Segment Start: DATASET EXCERPTS
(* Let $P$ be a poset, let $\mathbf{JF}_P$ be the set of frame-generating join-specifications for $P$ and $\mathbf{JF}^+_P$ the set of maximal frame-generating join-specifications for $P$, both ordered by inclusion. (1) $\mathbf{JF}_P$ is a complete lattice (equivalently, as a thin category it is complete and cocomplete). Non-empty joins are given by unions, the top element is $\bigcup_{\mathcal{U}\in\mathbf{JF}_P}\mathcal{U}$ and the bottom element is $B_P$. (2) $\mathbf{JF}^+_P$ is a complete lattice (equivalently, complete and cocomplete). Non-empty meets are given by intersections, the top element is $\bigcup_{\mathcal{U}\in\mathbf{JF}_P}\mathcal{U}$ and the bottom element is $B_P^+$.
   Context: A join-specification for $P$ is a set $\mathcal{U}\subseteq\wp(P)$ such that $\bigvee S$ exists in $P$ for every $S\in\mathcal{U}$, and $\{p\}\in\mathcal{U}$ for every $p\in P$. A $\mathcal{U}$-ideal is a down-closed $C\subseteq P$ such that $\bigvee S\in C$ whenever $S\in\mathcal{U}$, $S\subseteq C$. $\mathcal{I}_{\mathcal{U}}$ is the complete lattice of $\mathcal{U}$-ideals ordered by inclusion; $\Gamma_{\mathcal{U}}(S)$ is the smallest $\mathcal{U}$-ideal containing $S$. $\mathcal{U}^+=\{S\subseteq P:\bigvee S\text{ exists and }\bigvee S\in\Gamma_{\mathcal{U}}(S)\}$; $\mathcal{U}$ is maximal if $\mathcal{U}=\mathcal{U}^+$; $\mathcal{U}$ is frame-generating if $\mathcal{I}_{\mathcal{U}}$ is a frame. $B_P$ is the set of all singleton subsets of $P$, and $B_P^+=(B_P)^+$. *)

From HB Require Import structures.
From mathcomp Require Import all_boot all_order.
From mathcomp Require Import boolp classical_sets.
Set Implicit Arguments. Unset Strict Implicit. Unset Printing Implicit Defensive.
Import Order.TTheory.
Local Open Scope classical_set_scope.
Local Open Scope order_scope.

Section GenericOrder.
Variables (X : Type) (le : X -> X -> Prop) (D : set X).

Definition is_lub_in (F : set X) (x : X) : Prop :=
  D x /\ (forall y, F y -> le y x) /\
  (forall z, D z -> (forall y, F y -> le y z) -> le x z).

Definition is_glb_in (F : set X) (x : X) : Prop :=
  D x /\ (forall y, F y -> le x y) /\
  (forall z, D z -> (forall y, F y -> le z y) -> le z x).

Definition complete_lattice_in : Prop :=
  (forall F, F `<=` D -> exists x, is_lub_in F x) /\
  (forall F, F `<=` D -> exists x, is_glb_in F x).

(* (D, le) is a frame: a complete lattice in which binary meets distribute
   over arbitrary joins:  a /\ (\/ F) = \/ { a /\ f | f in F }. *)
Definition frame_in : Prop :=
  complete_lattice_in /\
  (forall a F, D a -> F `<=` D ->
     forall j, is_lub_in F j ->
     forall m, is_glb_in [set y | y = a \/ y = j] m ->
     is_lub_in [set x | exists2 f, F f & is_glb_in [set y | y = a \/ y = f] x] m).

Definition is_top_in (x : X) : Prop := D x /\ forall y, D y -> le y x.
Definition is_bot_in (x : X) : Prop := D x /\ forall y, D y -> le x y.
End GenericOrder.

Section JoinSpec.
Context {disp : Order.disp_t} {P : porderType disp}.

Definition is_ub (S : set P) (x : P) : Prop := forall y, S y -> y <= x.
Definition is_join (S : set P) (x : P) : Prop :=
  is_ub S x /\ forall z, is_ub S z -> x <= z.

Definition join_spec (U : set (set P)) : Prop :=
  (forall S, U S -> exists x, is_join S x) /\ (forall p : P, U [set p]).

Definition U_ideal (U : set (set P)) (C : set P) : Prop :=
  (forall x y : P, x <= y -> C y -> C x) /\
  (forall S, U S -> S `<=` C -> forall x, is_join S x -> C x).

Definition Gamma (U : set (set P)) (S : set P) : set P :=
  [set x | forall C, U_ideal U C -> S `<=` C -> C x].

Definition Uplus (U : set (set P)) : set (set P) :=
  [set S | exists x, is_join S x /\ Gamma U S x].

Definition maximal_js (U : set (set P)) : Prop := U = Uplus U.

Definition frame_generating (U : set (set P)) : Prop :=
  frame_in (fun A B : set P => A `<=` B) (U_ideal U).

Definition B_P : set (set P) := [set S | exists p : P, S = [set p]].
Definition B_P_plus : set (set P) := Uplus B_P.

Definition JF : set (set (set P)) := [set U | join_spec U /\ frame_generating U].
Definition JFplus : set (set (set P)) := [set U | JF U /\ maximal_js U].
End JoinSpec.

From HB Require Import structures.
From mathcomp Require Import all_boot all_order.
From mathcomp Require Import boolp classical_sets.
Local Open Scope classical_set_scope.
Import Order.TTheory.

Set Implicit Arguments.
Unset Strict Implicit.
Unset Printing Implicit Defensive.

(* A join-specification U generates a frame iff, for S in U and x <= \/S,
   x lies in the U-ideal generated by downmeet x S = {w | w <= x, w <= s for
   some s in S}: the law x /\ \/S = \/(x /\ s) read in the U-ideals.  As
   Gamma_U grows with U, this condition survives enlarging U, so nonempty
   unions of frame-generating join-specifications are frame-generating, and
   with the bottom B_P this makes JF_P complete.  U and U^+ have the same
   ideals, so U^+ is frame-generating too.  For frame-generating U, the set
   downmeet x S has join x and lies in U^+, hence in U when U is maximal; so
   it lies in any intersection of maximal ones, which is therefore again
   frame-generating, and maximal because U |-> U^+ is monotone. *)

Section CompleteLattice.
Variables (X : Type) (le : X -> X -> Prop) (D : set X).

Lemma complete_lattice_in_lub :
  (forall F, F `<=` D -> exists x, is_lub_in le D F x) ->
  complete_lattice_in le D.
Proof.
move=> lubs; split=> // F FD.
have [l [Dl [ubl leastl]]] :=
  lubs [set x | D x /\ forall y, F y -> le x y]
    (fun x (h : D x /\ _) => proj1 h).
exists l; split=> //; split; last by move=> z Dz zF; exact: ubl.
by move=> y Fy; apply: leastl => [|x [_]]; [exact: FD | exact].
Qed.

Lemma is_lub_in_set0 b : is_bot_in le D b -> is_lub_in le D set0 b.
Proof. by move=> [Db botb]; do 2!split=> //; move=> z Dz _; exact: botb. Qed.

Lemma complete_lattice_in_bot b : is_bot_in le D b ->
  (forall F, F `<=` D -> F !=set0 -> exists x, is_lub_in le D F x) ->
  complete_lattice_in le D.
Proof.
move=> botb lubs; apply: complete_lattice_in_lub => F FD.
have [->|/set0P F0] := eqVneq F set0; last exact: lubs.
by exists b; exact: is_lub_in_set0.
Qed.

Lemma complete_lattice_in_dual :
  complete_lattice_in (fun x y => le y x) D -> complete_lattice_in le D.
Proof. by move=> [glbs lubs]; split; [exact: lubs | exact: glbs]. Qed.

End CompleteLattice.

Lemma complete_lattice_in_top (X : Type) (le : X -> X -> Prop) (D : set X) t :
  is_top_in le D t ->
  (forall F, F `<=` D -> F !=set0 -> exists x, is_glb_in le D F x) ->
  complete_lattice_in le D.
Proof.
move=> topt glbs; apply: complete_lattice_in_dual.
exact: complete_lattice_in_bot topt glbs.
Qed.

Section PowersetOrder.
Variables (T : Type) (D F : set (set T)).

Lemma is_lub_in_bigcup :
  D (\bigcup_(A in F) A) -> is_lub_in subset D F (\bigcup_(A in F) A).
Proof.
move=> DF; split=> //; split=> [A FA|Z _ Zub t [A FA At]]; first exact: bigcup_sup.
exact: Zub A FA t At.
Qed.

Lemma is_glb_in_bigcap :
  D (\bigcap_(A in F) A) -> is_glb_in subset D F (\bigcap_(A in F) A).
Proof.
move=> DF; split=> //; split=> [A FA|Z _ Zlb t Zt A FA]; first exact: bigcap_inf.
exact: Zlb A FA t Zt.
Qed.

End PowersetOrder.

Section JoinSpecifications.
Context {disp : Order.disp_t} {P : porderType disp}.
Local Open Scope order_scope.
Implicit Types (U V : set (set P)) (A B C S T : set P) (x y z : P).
Segment End: DATASET EXCERPTS
#### [PROBLEM DETAILS]
Once you find the string "this" in a line of the records, copy that line.

#### [EXERCISE ANSWER]
   Gamma_U grows with U, this condition survives enlarging U, so nonempty
   with the bottom B_P this makes JF_P complete.  U and U^+ have the same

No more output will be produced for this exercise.